* WORK TASK
Once you find the line with "Definition is_2K2 I" in the data that follows, repeat it and every line after it exactly, through the line with "Lemma card_nth (T".

[Records from a data source]
· · · ·

Lemma reductivity_le_splice k (v : seq nat) p :
  p \in v -> reductivity_le k (splice v p) -> reductivity_le k.+1 v.
Proof. by move=> pv red; rewrite /=; apply/orP; right; apply/hasP; exists p. Qed.

Lemma reducible_gauss (X M Y : seq nat) z : z \notin X -> z \notin M ->
  (forall b, count_mem b M != 1) -> reducible (X ++ z :: M ++ z :: Y).
Proof.
move=> zX zM noM; apply/hasP; exists z; first by rewrite mem_cat mem_head orbT.
rewrite /reducible_crossing mem_cat mem_head orbT /=.
by apply/hasPn => b _; rewrite /interlaced between_gauss // (negbTE (noM b)) andbF.
Qed.

Lemma bigon_word_letters y z (A B : seq nat) : twice (y :: z :: A ++ z :: y :: B) ->
  [/\ y != z, y \notin A, y \notin B, z \notin A & z \notin B].
Proof.
set r := y :: z :: _ => tw; have cy := twice_count tw (mem_head y _).
have cz : count_mem z r = 2 by apply: twice_count => //; rewrite /r !inE eqxx orbT.
move: cy cz; rewrite /r /= !count_cat /= !eqxx.
case: (eqVneq y z) => [<-|ne]; rewrite ?eqxx /=; first lia.
move=> cy cz.
by split => //; apply/count_memPn => /=; lia.
Qed.

(* If some letter x occurs once in A, hence once in B, splicing x and then y
   makes the two occurrences of z adjacent. *)
Lemma reductivity_bigon_word_odd y z x (A B : seq nat) :
  twice (y :: z :: A ++ z :: y :: B) -> count_mem x A = 1 ->
  reductivity_le 2 (y :: z :: A ++ z :: y :: B).
Proof.
set r := y :: z :: _ => tr cxA; have [ne yA yB zA zB] := bigon_word_letters tr.
have [A1 [A2 [eA xA1 xA2]]] := split_once cxA.
have xA : x \in A by rewrite eA mem_cat mem_head orbT.
have [nxy nxz] : x != y /\ x != z by split; apply: contraTneq xA => ->.
have xr : x \in r by rewrite /r !(inE, mem_cat) xA !orbT.
have cxB : count_mem x B = 1.
  move: (twice_count tr xr); rewrite /= count_cat /= cxA.
  by rewrite ![_ == x]eq_sym (negbTE nxy) (negbTE nxz) /=; lia.
have [B1 [B2 [eB xB1 _]]] := split_once cxB.
have sub_A2 : {subset A2 <= A} by move=> a a2; rewrite eA mem_cat inE a2 !orbT.
have sub_B1 : {subset B1 <= B} by move=> b b1; rewrite eB mem_cat b1.
have sub_B2 : {subset B2 <= B} by move=> b b2; rewrite eB mem_cat inE b2 !orbT.
have yA2 := contra (@sub_A2 y) yA; have zA2 := contra (@sub_A2 z) zA.
have yB1 := contra (@sub_B1 y) yB; have yB2 := contra (@sub_B2 y) yB.
have zB2 := contra (@sub_B2 z) zB.
have splice_x : splice r x = rev B1 ++ y :: (z :: rev A2 ++ B2) ++ y :: z :: A1.
  have -> : r = (y :: z :: A1) ++ x :: (A2 ++ z :: y :: B1) ++ x :: B2.
    by rewrite /r eA eB /= -!catA.
  rewrite splice_gauss.
  - by rewrite rev_cat !rev_cons -!cats1 /= -!catA.
  - by rewrite !inE !negb_or nxy nxz /=.
  - by rewrite mem_cat !inE !negb_or xA2 nxz nxy /=.
have splice_xy : splice (splice r x) y = (rev B2 ++ A2) ++ z :: [::] ++ z :: A1 ++ rev B1.
  rewrite splice_x splice_gauss ?mem_rev //; last first.
    by rewrite inE mem_cat mem_rev !negb_or ne yA2 yB2.
  by rewrite rev_cons rev_cat revK -cats1 -!catA.
apply: (reductivity_le_splice xr); apply: (reductivity_le_splice (p := y)).
  by rewrite splice_x mem_cat inE eqxx orbT.
apply: reductivity_le_reducible; rewrite splice_xy; apply: reducible_gauss => //.
by rewrite mem_cat mem_rev negb_or zB2 zA2.
Qed.
(* Let $V:\mathbb{R}^d\to\mathbb{R}^n$ be continuously differentiable and $h$-homogeneous, and assume there are constants $c,s,r,C>0$ with $c\Vert\theta\Vert^s\le\Vert V(\theta)\Vert_\mu\le C\Vert\theta\Vert^r$ for all $\theta$. Let $B=\frac{\Vert (I-\gamma P)V^*\Vert_\mu}{1-\gamma}=\frac{\Vert R\Vert_\mu}{1-\gamma}$. Then for any initial condition $\theta(0)=\theta_0$, if $\theta(t)$ follows the dynamics $$\dot\theta=-\nabla V(\theta)^T A\,(V(\theta)-V^* ),$$ we have $\limsup_{t\to\infty}\Vert V(\theta(t))\Vert_\mu\le C(B/c)^{r/s}$.
   Context: A Markov reward process has finite state space $\mathcal{S}$ with $|\mathcal{S}|=n$, transition matrix $P$ (entries $P(s'|s)$) defining an irreducible, aperiodic Markov chain with stationary distribution $\mu$, a finite reward function $r(s,s')$, and discount factor $\gamma\in[0,1)$. Let $R\in\mathbb{R}^n$ be $R(s)=\mathbb{E}_{s'\sim P(\cdot|s)}[r(s,s')]$, and let $V^*\in\mathbb{R}^n$ be the unique solution of $V^*=R+\gamma PV^*$. Let $D_\mu$ be the diagonal matrix with $\mu$ on the diagonal and $A:=D_\mu(I-\gamma P)$. For $x\in\mathbb{R}^n$, $\Vert x\Vert_\mu^2=x^TD_\mu x$; $\Vert\theta\Vert$ is the Euclidean norm. $\nabla V(\theta)$ is the $n\times d$ Jacobian of $V$. A differentiable function $f:\mathbb{R}^k\to\mathbb{R}^m$ is called $h$-homogeneous (for $h\in\mathbb{R}$) if $f(x)=h\,\nabla f(x)\,x$ for all $x$. *)

From HB Require Import structures.
From mathcomp Require Import all_boot all_order all_algebra.
From mathcomp Require Import all_classical all_reals all_analysis.
Set Implicit Arguments. Unset Strict Implicit. Unset Printing Implicit Defensive.
Import Order.TTheory GRing.Theory Num.Theory.
Import numFieldNormedType.Exports.
Local Open Scope ring_scope.
(* Let $\alpha\in\mathbb{Q}(i)\setminus\mathbb{R}$ with $|\alpha|>1$, with minimal primitive polynomial $P_\alpha(X)=a_2X^2+a_1X+a_0$ ($a_0,a_1,a_2\in\mathbb{Z}$ coprime, $a_2>0$, $P_\alpha(\alpha)=0$), and $\mathcal{D}=\{0,\ldots,|a_0|-1\}$. Write $\alpha=\frac{num(\alpha)}{den(\alpha)}$ with $num(\alpha),den(\alpha)\in\mathbb{Z}[i]$ having no common Gaussian prime divisor. Let $x\in\mathbb{C}$, $k\in\mathbb{Z}$, and $(d_j)_{j\le k}$ a sequence in $\mathcal{D}$ with $d_k\ne0$ such that $x=\sum_{j\le k}d_j\alpha^j$ in $\mathbb{C}$. Then this series is an $\alpha$-expansion of $x$ if and only if it converges to $0$ in $K_p$ for every Gaussian prime $p$ dividing $den(\alpha)$.
   Context: Let $\Lambda_\alpha=\mathbb{Z}[\alpha]\cap\alpha^{-1}\mathbb{Z}[\alpha^{-1}]$. An $\alpha$-expansion of $x$ is a representation $x=\sum_{j\le k}d_j\alpha^j$ with $d_j\in\mathcal{D}$, $d_k\ne0$, such that for every $l\le k$, $\sum_{j=l}^k d_j\alpha^{j-l}\in\Lambda_\alpha$. For a Gaussian prime $p$, $\nu_p:\mathbb{Q}(i)\to\mathbb{Z}\cup\{\infty\}$ is the exponent of $p$ in the (unique up to units and associates) factorization of a nonzero element into Gaussian primes, $\nu_p(0)=\infty$; the $p$-adic absolute value is $|x|_p=N(p)^{-\nu_p(x)}$ with $N(p)$ the norm of $p$, and $K_p$ is the completion of $\mathbb{Q}(i)$ with respect to $|\cdot|_p$. *)

From HB Require Import structures.
From mathcomp Require Import all_boot all_order all_algebra.
From mathcomp Require Export complex.
From mathcomp Require Export reals.
Set Implicit Arguments. Unset Strict Implicit. Unset Printing Implicit Defensive.
Import Order.TTheory GRing.Theory Num.Theory.
Local Open Scope ring_scope.

Section Defs.
Variable R : realType.
Local Notation C := (R[i]).

Definition iC : C := Complex 0 1.

Definition in_Qi (z : C) : Prop :=
  exists a b : rat, z = ratr a + ratr b * iC.
(* Let $G$ be a finite multigraph (no loops), let $\ell \geq 4$ be an integer, let $s$ be a vertex of $G$, and let $A \subsetneq V(G)$ with $s \notin A$ be such that $\lambda_G(x,y) \geq \ell$ for any two distinct $x,y\in A$ and such that no edge of $G$ has both endvertices outside $A$. If $\deg(s) = 4$, then $L(G,s,\tau_A)$ is one of: $K_4$, $K_{2,2}$, or the disjoint union of two edges. The last case can hold only if $\ell$ is odd.
   Context: $\lambda_G(x,y)$ is the maximum number of pairwise edge-disjoint $x$–$y$ paths in $G$. Lifting two distinct edges $sx,sy$ means deleting them and adding a new edge $xy$. The target function $\tau_A$ assigns $\ell$ to pairs of vertices both in $A$ and $0$ otherwise; a pair of edges at $s$ is $\tau_A$-admissible if after lifting them the new graph $G'$ satisfies $\lambda_{G'}(x,y)\ge\tau_A(x,y)$ for all distinct $x,y\in V(G)\setminus\{s\}$. The lifting graph $L(G,s,\tau_A)$ has as vertices the edges incident with $s$, two being adjacent iff they form a $\tau_A$-admissible pair. *)

(* A finite multigraph on a finite vertex type V is a list
   of edges G : seq (V * V); edge number i is nth G i, so parallel edges are
   distinct list entries. *)
From mathcomp Require Import all_boot.
Set Implicit Arguments. Unset Strict Implicit. Unset Printing Implicit Defensive.

Section Multigraph.
Variable V : finType.
Implicit Types (G : seq (V * V)) (x y s : V).

Definition joins (e : V * V) (u v : V) : bool :=
  ((e.1 == u) && (e.2 == v)) || ((e.2 == u) && (e.1 == v)).

Definition is_path G x y (p : seq nat) : Prop :=
  exists vs : seq V,
    [/\ size vs = (size p).+1, nth x vs 0 = x, last x vs = y, uniq vs &
        forall k, k < size p ->
          nth 0 p k < size G /\
          joins (nth (x, x) G (nth 0 p k)) (nth x vs k) (nth x vs k.+1)].

(* lambda_G(x,y) >= k : there are k pairwise edge-disjoint x--y paths
   (lambda is the maximum number of such paths). *)
Definition lambda_ge G x y (k : nat) : Prop :=
  exists ps : seq (seq nat),
    [/\ size ps = k,
        forall p, p \in ps -> is_path G x y p &
        forall i j, i < size ps -> j < size ps -> i != j ->
          forall e, e \in nth [::] ps i -> e \notin nth [::] ps j].

Definition tau (A : {set V}) (l : nat) x y : nat :=
  if (x \in A) && (y \in A) then l else 0.

Definition incident s (e : V * V) : bool := (e.1 == s) || (e.2 == s).

Definition other s (e : V * V) : V := if e.1 == s then e.2 else e.1.

Definition deg G s : nat := count (incident s) G.

(* lifting the edges number i and j (both at s): delete them, add x y where
   x, y are their other endvertices *)
Definition liftG G s (i j : nat) : seq (V * V) :=
  [seq q.2 | q <- zip (iota 0 (size G)) G & (q.1 != i) && (q.1 != j)]
  ++ [:: (other s (nth (s, s) G i), other s (nth (s, s) G j))].

(* vertex set of the lifting graph: edges incident with s *)
Definition lvert G s : {set 'I_(size G)} :=
  [set i : 'I_(size G) | incident s (nth (s, s) G i)].

(* tau_A-admissible pair = adjacency in L(G, s, tau_A) *)
Definition admissible G s (A : {set V}) (l : nat) (i j : 'I_(size G)) : Prop :=
  [/\ i \in lvert G s, j \in lvert G s, i != j &
      forall x y, x != s -> y != s -> x != y ->
        lambda_ge (liftG G s i j) x y (tau A l x y)].
End Multigraph.

Section Shapes.
Variable T : finType.

Definition upair (a b : T) (s : seq (T * T)) : bool :=
  has (fun p => ((a, b) == p) || ((b, a) == p)) s.

Definition is_K4 (I : {set T}) (adj : T -> T -> Prop) : Prop :=
  #|I| = 4 /\ forall a b, a \in I -> b \in I -> (adj a b <-> a != b).

Definition shape4 (I : {set T}) (adj : T -> T -> Prop)
    (E : T -> T -> T -> T -> seq (T * T)) : Prop :=
  exists e1 e2 e3 e4 : T,
    [/\ uniq [:: e1; e2; e3; e4], I = [set e1; e2; e3; e4] &
        forall a b, a \in I -> b \in I -> (adj a b <-> upair a b (E e1 e2 e3 e4))].

Definition is_K22 I adj : Prop :=
  shape4 I adj (fun e1 e2 e3 e4 => [:: (e1, e2); (e2, e3); (e3, e4); (e4, e1)]).

Definition is_2K2 I adj : Prop :=
  shape4 I adj (fun e1 e2 e3 e4 => [:: (e1, e2); (e3, e4)]).
End Shapes.
Arguments admissible [V] G s A l i j.

(* For X not containing s, lifting the s-edges i and j lowers d(X) by two exactly when
   both of their other ends lie in X.  So by Menger's theorem the pair is tau_A-admissible
   iff there is no dangerous set X: one avoiding s, containing both other ends, splitting
   A and with d(X) <= l + 1.  Every A-splitting set has d >= l and deg s = 4, so a
   dangerous set receives exactly two s-edges, and the complement of X + s is dangerous
   for the other two: the non-admissible pairs form a union of perfect matchings of the
   four s-edges.  Uncrossing dangerous sets for three pairs sharing an edge gives
   4l <= 3(l + 1), impossible for l >= 4; for two such pairs it forces
   l = 2 e(X ∩ Y, X \ Y) + 1.  Deleting at most two perfect matchings from K4 leaves K4,
   K_{2,2} or 2K2, and the last needs l odd.
   Menger's theorem is proved with integral unit flows: augmenting paths yield a flow or
   a small cut, and a flow decomposes into edge-disjoint paths. *)

From mathcomp Require Import all_boot all_algebra zify.
Set Implicit Arguments. Unset Strict Implicit. Unset Printing Implicit Defensive.
Import GRing.Theory Num.Theory.

Lemma uniq4_eqF (T : eqType) (a b c d : T) : uniq [:: a; b; c; d] ->
  ((a == b) = false) * ((a == c) = false) * ((a == d) = false) *
  ((b == c) = false) * ((b == d) = false) * ((c == d) = false) *
  ((b == a) = false) * ((c == a) = false) * ((d == a) = false) *
  ((c == b) = false) * ((d == b) = false) * ((d == c) = false).
Proof.
rewrite /= !inE !negb_or -!andbA andbT.
case/and5P=> /negbTE ab /negbTE ac /negbTE ad /negbTE bc /andP[/negbTE bd /negbTE cd].
rewrite (eq_sym b a) (eq_sym c a) (eq_sym d a) (eq_sym c b) (eq_sym d b) (eq_sym d c).
by rewrite ab ac ad bc bd cd.
Qed.

Lemma count_sum (T : Type) (r : seq T) (a : pred T) : count a r = \sum_(z <- r) a z.
Proof. by elim: r => [|z r IH]; rewrite ?big_nil ?big_cons //= IH. Qed.

Lemma count_sum_nth (T : Type) x0 (r : seq T) (a : pred T) :
  count a r = \sum_(i < size r) a (nth x0 r i).
Proof. by elim: r => [|z r IH]; rewrite ?big_ord0 // big_ord_recl /= IH. Qed.

Lemma card_nth (T : Type) x0 (r : seq T) (a : pred T) :
  #|[set i : 'I_(size r) | a (nth x0 r i)]| = count a r.
Proof.
rewrite (count_sum_nth x0) -sum1_card big_mkcond /=.
by apply: eq_bigr => i _; rewrite inE; case: (a _).
Qed.

Lemma exists_exit_step (T : Type) (P : pred T) x0 (r : seq T) :
  P (nth x0 r 0) -> ~~ P (last x0 r) ->
  exists t, [/\ t.+1 < size r, P (nth x0 r t) & ~~ P (nth x0 r t.+1)].
Proof.
elim: r x0 => [|z r IH] x0 /=; first by move=> ->.
case: r IH => [|w r] IH /=; first by move=> ->.
case: (boolP (P w)) => [Pw _ /(IH x0 Pw)[t [? ? ?]] | Pw Pz _]; first by exists t.+1.
by exists 0.
Qed.

Section Cuts.
Variable V : finType.
Implicit Types (G : seq (V * V)) (A X Y Z : {set V}) (e : V * V) (s : V).

Definition crosses X e := (e.1 \in X) != (e.2 \in X).
Definition cut G X := count (crosses X) G.
Definition between G X Y :=
  count (fun e => (e.1 \in X) && (e.2 \in Y) || (e.1 \in Y) && (e.2 \in X)) G.
Definition deg_into G s X := count (fun e => incident s e && (other s e \in X)) G.
Definition splits A X := (A :&: X != set0) && (A :\: X != set0).

Lemma splitsI A X u w : u \in A -> w \in A -> u \in X -> w \notin X -> splits A X.
Proof.
move=> uA wA uX wX; apply/andP; split; apply/set0Pn; [exists u | exists w].
  by rewrite inE uA uX.
by rewrite inE wA wX.
Qed.

Lemma splitsU1 A X v : v \notin A -> splits A X -> splits A (v |: X).
Proof.
move=> vA /andP[/set0Pn[u /setIP[uA uX]] /set0Pn[w /setDP[wA wX]]].
apply: (splitsI uA wA); rewrite !inE ?uX ?orbT // negb_or wX andbT.
by apply: contraNneq vA => <-.
Qed.

Lemma cut_setC G X : cut G (~: X) = cut G X.
Proof. by apply: eq_count => e; rewrite /crosses !inE; do 2 case: (_ \in X). Qed.

Lemma deg_into_setC G s X : deg_into G s X + deg_into G s (~: X) = deg G s.
Proof.
rewrite /deg_into /deg !count_sum -big_split; apply: eq_bigr => e _ /=.
by rewrite inE; case: (incident _ _); case: (_ \in X).
Qed.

· · · ·

* TASK OUTPUT
Definition is_2K2 I adj : Prop :=
  shape4 I adj (fun e1 e2 e3 e4 => [:: (e1, e2); (e3, e4)]).
End Shapes.
Arguments admissible [V] G s A l i j.

(* For X not containing s, lifting the s-edges i and j lowers d(X) by two exactly when
   both of their other ends lie in X.  So by Menger's theorem the pair is tau_A-admissible
   iff there is no dangerous set X: one avoiding s, containing both other ends, splitting
   A and with d(X) <= l + 1.  Every A-splitting set has d >= l and deg s = 4, so a
   dangerous set receives exactly two s-edges, and the complement of X + s is dangerous
   for the other two: the non-admissible pairs form a union of perfect matchings of the
   four s-edges.  Uncrossing dangerous sets for three pairs sharing an edge gives
   4l <= 3(l + 1), impossible for l >= 4; for two such pairs it forces
   l = 2 e(X ∩ Y, X \ Y) + 1.  Deleting at most two perfect matchings from K4 leaves K4,
   K_{2,2} or 2K2, and the last needs l odd.
   Menger's theorem is proved with integral unit flows: augmenting paths yield a flow or
   a small cut, and a flow decomposes into edge-disjoint paths. *)

From mathcomp Require Import all_boot all_algebra zify.
Set Implicit Arguments. Unset Strict Implicit. Unset Printing Implicit Defensive.
Import GRing.Theory Num.Theory.

Lemma uniq4_eqF (T : eqType) (a b c d : T) : uniq [:: a; b; c; d] ->
  ((a == b) = false) * ((a == c) = false) * ((a == d) = false) *
  ((b == c) = false) * ((b == d) = false) * ((c == d) = false) *
  ((b == a) = false) * ((c == a) = false) * ((d == a) = false) *
  ((c == b) = false) * ((d == b) = false) * ((d == c) = false).
Proof.
rewrite /= !inE !negb_or -!andbA andbT.
case/and5P=> /negbTE ab /negbTE ac /negbTE ad /negbTE bc /andP[/negbTE bd /negbTE cd].
rewrite (eq_sym b a) (eq_sym c a) (eq_sym d a) (eq_sym c b) (eq_sym d b) (eq_sym d c).
by rewrite ab ac ad bc bd cd.
Qed.

Lemma count_sum (T : Type) (r : seq T) (a : pred T) : count a r = \sum_(z <- r) a z.
Proof. by elim: r => [|z r IH]; rewrite ?big_nil ?big_cons //= IH. Qed.

Lemma count_sum_nth (T : Type) x0 (r : seq T) (a : pred T) :
  count a r = \sum_(i < size r) a (nth x0 r i).
Proof. by elim: r => [|z r IH]; rewrite ?big_ord0 // big_ord_recl /= IH. Qed.

Lemma card_nth (T : Type) x0 (r : seq T) (a : pred T) :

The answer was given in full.